BYU students remain in Jerusalem during Gaza war
This is an archived article that was published on sltrib.com in 2009, and information in the article may be outdated. It is provided only for personal research purposes and may not be reprinted.

The 80 students at Brigham Young University's Jerusalem Center who arrived after the 22-day war began in the Gaza Strip are getting an early lesson on strife in the Middle East.

"It's more immediate," center director Jim Kearl said. "Tensions are certainly higher."

The students arrived Jan. 6, just days into the war, which raged until Israel and Hamas called a cease-fire a week ago. Israel killed 1,300 Palestinians and obliterated hundreds of structures during its attacks in Gaza. The Hamas government, which controls Gaza, killed 13 in Israel.

BYU did not consider shuttering the center or sending students home -- as it did in 2000 -- for several reasons, Kearl said.

The center hosted no BYU students for six years because of civil unrest.

The Jerusalem Center is about 80 miles from Gaza, at its nearest point, and students do not take field trips to areas within range of Hamas' rockets, he said.

Moreover, it appeared clear that the fighting would not spread outside Gaza.

"None of the program activities are at risk, nor is the center at risk," Kearl said.

Students' parents gathered at BYU for a briefing the day before their children went to Israel. No one backed out, he said.

Kearl said the center's administrators make "hour-by-hour" decisions about where students are allowed to go. For a couple days, students were not allowed to wander alone in the Old City. Students are rarely taken to Jericho and Bethlehem, which are near the volatile West Bank.

The center employs both Palestinians and Israelis, and forbids political discussions among employees, Kearl said.

However, instructors are encouraged to share their perspectives in modern Near East history classes, taught by both Palestinians and Israelis. The students also take Hebrew from Israelis and Arabic from Palestinians.

"We caution the students to be slow in making decisions, that these are complex matters and there is a lot to learn," Kearl said. "They ought not come with preconceived notions."

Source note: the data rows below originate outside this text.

(* Let $(M,g,h)$ be a $4$-dimensional smooth metric measure spacetime which is a solution of the vacuum weighted Einstein field equations $h\rho-\operatorname{Hes}_h+\Delta h\, g=0$, such that $(M,g)$ is non-flat and is a $pr$-wave with metric $g=2\,du\,dv+F(u,v,x,y)\,dv^2+dx^2+dy^2$ in local coordinates $(u,v,x,y)$. Then the Ricci operator is nilpotent, and the density function $h$ takes the form \[ h(v,x,y)=h_x(v)x+h_y(v)y+h_0(v), \] while $F$ is given by \[ F(u,v,x,y)=F_1(v,x,y)u+F_0(v,x,y), \] for suitable smooth functions $h_x,h_y,h_0,F_1,F_0$.
   Context: A smooth metric measure spacetime is a triple $(M,g,h)$ (shorthand for $(M,g,h\,dvol_g)$) where $(M,g)$ is a Lorentzian manifold and $h$ is a positive smooth function on $M$, assumed non-constant on any open subset (so $\nabla h\neq0$). The weighted Einstein tensor is $G^h=h\rho-\operatorname{Hes}_h+\Delta h\, g$, where $\rho$ is the Ricci tensor, $\operatorname{Hes}_h$ the Hessian and $\Delta h$ the Laplacian of $h$; $(M,g,h)$ is a solution of the vacuum weighted Einstein field equations if $G^h=0$ on $M$. The Ricci operator $\operatorname{Ric}$ is the $(1,1)$-tensor with $g(\operatorname{Ric}X,Y)=\rho(X,Y)$. A $pr$-wave is a Lorentzian manifold admitting a recurrent lightlike vector field $V$ (i.e. $\nabla_XV=\omega(X)V$ for some $1$-form $\omega$) such that $R(V^\perp,V^\perp,\cdot,\cdot)=0$; in dimension $4$ it admits local coordinates $(u,v,x,y)$ with $g=2\,du\,dv+F(u,v,x,y)\,dv^2+dx^2+dy^2$. *)

From Stdlib Require Import Reals Lra Lia List.
From Coquelicot Require Import Coquelicot.
Open Scope R_scope.

(* Points of the coordinate domain in R^4, coordinates (u,v,x,y) = indices 0,1,2,3. *)
Definition pt : Type := (R * R * R * R)%type.

Definition coord (i : nat) (p : pt) : R :=
  match p with (u, v, x, y) =>
    match i with 0%nat => u | 1%nat => v | 2%nat => x | _ => y end end.

Definition upd (i : nat) (p : pt) (t : R) : pt :=
  match p with (u, v, x, y) =>
    match i with
    | 0%nat => (t, v, x, y) | 1%nat => (u, t, x, y)
    | 2%nat => (u, v, t, y) | _ => (u, v, x, t) end end.

Definition partial (i : nat) (f : pt -> R) (p : pt) : R :=
  Derive (fun t => f (upd i p t)) (coord i p).

Definition sum4 (f : nat -> R) : R := f 0%nat + f 1%nat + f 2%nat + f 3%nat.

Fixpoint dpart (l : list nat) (f : pt -> R) : pt -> R :=
  match l with nil => f | i :: l' => partial i (dpart l' f) end.

Definition box (p : pt) (eps : R) (q : pt) : Prop :=
  forall i, (i < 4)%nat -> Rabs (coord i q - coord i p) < eps.

Definition is_open (U : pt -> Prop) : Prop :=
  forall p, U p -> exists eps, 0 < eps /\ forall q, box p eps q -> U q.

Definition cont_at (f : pt -> R) (p : pt) : Prop :=
  forall eps, 0 < eps -> exists d, 0 < d /\
    forall q, box p d q -> Rabs (f q - f p) < eps.

Definition smooth_on (U : pt -> Prop) (f : pt -> R) : Prop :=
  forall (l : list nat) (p : pt), List.Forall (fun i => (i < 4)%nat) l -> U p ->
    cont_at (dpart l f) p /\
    forall i, (i < 4)%nat -> ex_derive (fun t => dpart l f (upd i p t)) (coord i p).

(* A metric is given by its components g i j and inverse components gi i j. *)
Definition metric := nat -> nat -> pt -> R.

Definition Gam (g gi : metric) (k i j : nat) (p : pt) : R :=
  / 2 * sum4 (fun l => gi k l p *
     (partial i (g j l) p + partial j (g i l) p - partial l (g i j) p)).

(* R(d_i, d_j) d_k = Riem l i j k * d_l,  R(X,Y)=[nabla_X,nabla_Y]-nabla_[X,Y] *)
Definition Riem (g gi : metric) (l i j k : nat) (p : pt) : R :=
  partial i (Gam g gi l j k) p - partial j (Gam g gi l i k) p
  + sum4 (fun m => Gam g gi l i m p * Gam g gi m j k p
                   - Gam g gi l j m p * Gam g gi m i k p).

Definition ricci (g gi : metric) (j k : nat) (p : pt) : R :=
  sum4 (fun i => Riem g gi i i j k p).

Definition ricci_op (g gi : metric) (k j : nat) (p : pt) : R :=
  sum4 (fun l => gi k l p * ricci g gi l j p).

Definition hess (g gi : metric) (h : pt -> R) (i j : nat) (p : pt) : R :=
  partial i (partial j h) p - sum4 (fun k => Gam g gi k i j p * partial k h p).

Definition lap (g gi : metric) (h : pt -> R) (p : pt) : R :=
  sum4 (fun i => sum4 (fun j => gi i j p * hess g gi h i j p)).

Definition weinstein (g gi : metric) (h : pt -> R) (i j : nat) (p : pt) : R :=
  h p * ricci g gi i j p - hess g gi h i j p + lap g gi h p * g i j p.

Definition flat_on (g gi : metric) (V : pt -> Prop) : Prop :=
  forall p, V p -> forall l i j k, (l < 4)%nat -> (i < 4)%nat -> (j < 4)%nat -> (k < 4)%nat ->
    Riem g gi l i j k p = 0.

Definition prwave (F : pt -> R) : metric := fun i j p =>
  match i, j with
  | 0%nat, 1%nat | 1%nat, 0%nat => 1
  | 1%nat, 1%nat => F p
  | 2%nat, 2%nat | 3%nat, 3%nat => 1
  | _, _ => 0 end.

Definition prwave_inv (F : pt -> R) : metric := fun i j p =>
  match i, j with
  | 0%nat, 0%nat => - F p
  | 0%nat, 1%nat | 1%nat, 0%nat => 1
  | 2%nat, 2%nat | 3%nat, 3%nat => 1
  | _, _ => 0 end.

Lemma prwave_inv_correct (F : pt -> R) (p : pt) (i j : nat) :
  (i < 4)%nat -> (j < 4)%nat ->
  sum4 (fun k => prwave F i k p * prwave_inv F k j p) = if Nat.eqb i j then 1 else 0.
Proof.
  intros Hi Hj; unfold sum4, prwave, prwave_inv.
  destruct i as [|[|[|[|i]]]]; try lia;
  destruct j as [|[|[|[|j]]]]; try lia; simpl; ring.
Qed.

Definition mat := nat -> nat -> R.
Definition mmul (A B : mat) : mat := fun i j => sum4 (fun k => A i k * B k j).
Fixpoint mpow (A : mat) (n : nat) : mat :=
  match n with
  | 0%nat => fun i j => if Nat.eqb i j then 1 else 0
  | S n' => mmul A (mpow A n') end.
Definition nilpotent (A : mat) : Prop :=
  exists n, forall i j, (i < 4)%nat -> (j < 4)%nat -> mpow A n i j = 0.

(* In the coordinates (u,v,x,y) the Christoffel symbols of g involve only F and its first
   derivatives, so G^h = 0 is an explicit system of PDEs.  Its components give
   h_uu = h_ux = h_uy = h_xy = 0, h_xx = h_yy = F_u h_u - 2 h_vu and h F_uu = 6 h_vu - 3 F_u h_u.
   Differentiating the equation for h_xx in u yields F_uu h_u = 0; on an open set where F_uu <> 0
   this forces h_u = h_vu = 0 and then h F_uu = 0, impossible as h > 0.  Hence F_uu = 0, which
   makes the Ricci operator strictly triangular, and the equations become h_vu = F_u h_u / 2,
   h_xx = h_yy = 0.  If h_u <> 0 on an open set, differentiating h_vu = F_u h_u / 2 and
   h_vx = F_x h_u / 2, h_vy = F_y h_u / 2 in x and y kills all second derivatives of F in the
   directions u, x, y, so g is flat there; hence h_u = 0.  The local forms follow by integrating
   the vanishing second derivatives along coordinate lines. *)

From Stdlib Require Import Reals List Lra Lia.
From Coquelicot Require Import Coquelicot.
Open Scope R_scope.

Ltac destruct_pt p := destruct p as [[[?u ?v] ?x] ?y].
Ltac case_index i := destruct i as [|[|[|[|i]]]]; try lia.

Lemma coord_upd_same i p t : coord i (upd i p t) = t.
Proof. destruct_pt p; case_index i; reflexivity. Qed.

Lemma coord_upd_other i j p t : i <> j -> (i < 4)%nat -> (j < 4)%nat ->
  coord j (upd i p t) = coord j p.
Proof. destruct_pt p; intros; case_index i; case_index j; reflexivity. Qed.

Lemma upd_upd_same i p s t : upd i (upd i p s) t = upd i p t.
Proof. destruct_pt p; case_index i; reflexivity. Qed.

Lemma upd_coord i p : upd i p (coord i p) = p.
Proof. destruct_pt p; case_index i; reflexivity. Qed.

Lemma upd_comm i j p s t : i <> j -> (i < 4)%nat -> (j < 4)%nat ->
  upd i (upd j p t) s = upd j (upd i p s) t.
Proof. destruct_pt p; intros; case_index i; case_index j; reflexivity. Qed.

Definition ex_partial (f : pt -> R) (i : nat) (p : pt) : Prop :=
  ex_derive (fun t => f (upd i p t)) (coord i p).

Lemma partial_ext f g i p : (forall q, f q = g q) -> partial i f p = partial i g p.
Proof. intros H. unfold partial. apply Derive_ext. intros t. apply H. Qed.

Lemma partial_const i c p : partial i (fun _ => c) p = 0.
Proof. unfold partial. apply Derive_const. Qed.

Lemma partial_scal i c f p : partial i (fun q => c * f q) p = c * partial i f p.
Proof. unfold partial. apply Derive_scal. Qed.

Lemma partial_plus i f g p : ex_partial f i p -> ex_partial g i p ->
  partial i (fun q => f q + g q) p = partial i f p + partial i g p.
Proof. unfold partial. apply Derive_plus. Qed.

Lemma partial_minus i f g p : ex_partial f i p -> ex_partial g i p ->
  partial i (fun q => f q - g q) p = partial i f p - partial i g p.
Proof. unfold partial. apply Derive_minus. Qed.

Lemma partial_mult i f g p : ex_partial f i p -> ex_partial g i p ->
  partial i (fun q => f q * g q) p = partial i f p * g p + f p * partial i g p.
Proof.
  intros Hf Hg. unfold partial. rewrite Derive_mult by assumption.
  rewrite !upd_coord. ring.
Qed.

Two former BYU professors who have spent time in the Middle East say Israel's assault on Hamas in Gaza, which had been firing rockets into southern Israel for years, was clearly planned to end before President Obama took office.

"They wanted to do it in the last days of the Bush administration, which would not try to rein them in," said Bonner Ritchie, a retired professor of organizational behavior who recently returned from teaching in Jordan.

Both Ritchie and Omar Kader, who formerly taught political science at BYU, see the war as one neither side expected to win; it was about showing power.

"The ratios [1,300 Palestinian deaths to 13 Israeli deaths] are always a measure of Israel's power and a reminder to the Palestinians and the world," Ritchie said. "They [Israelis] don't assume that's the final word. It's a statement in the process of peace negotiations."

And by not backing down, Hamas made clear it won't simply go away, he said.

Israel, said Kader, may have intended its destruction and killing of civilians to "scare the hell out of everybody," but "they have no idea how much they've enraged the Palestinians."

Still, both Kader and Ritchie hope the Obama administration can help put the Middle East back on a path toward lasting peace.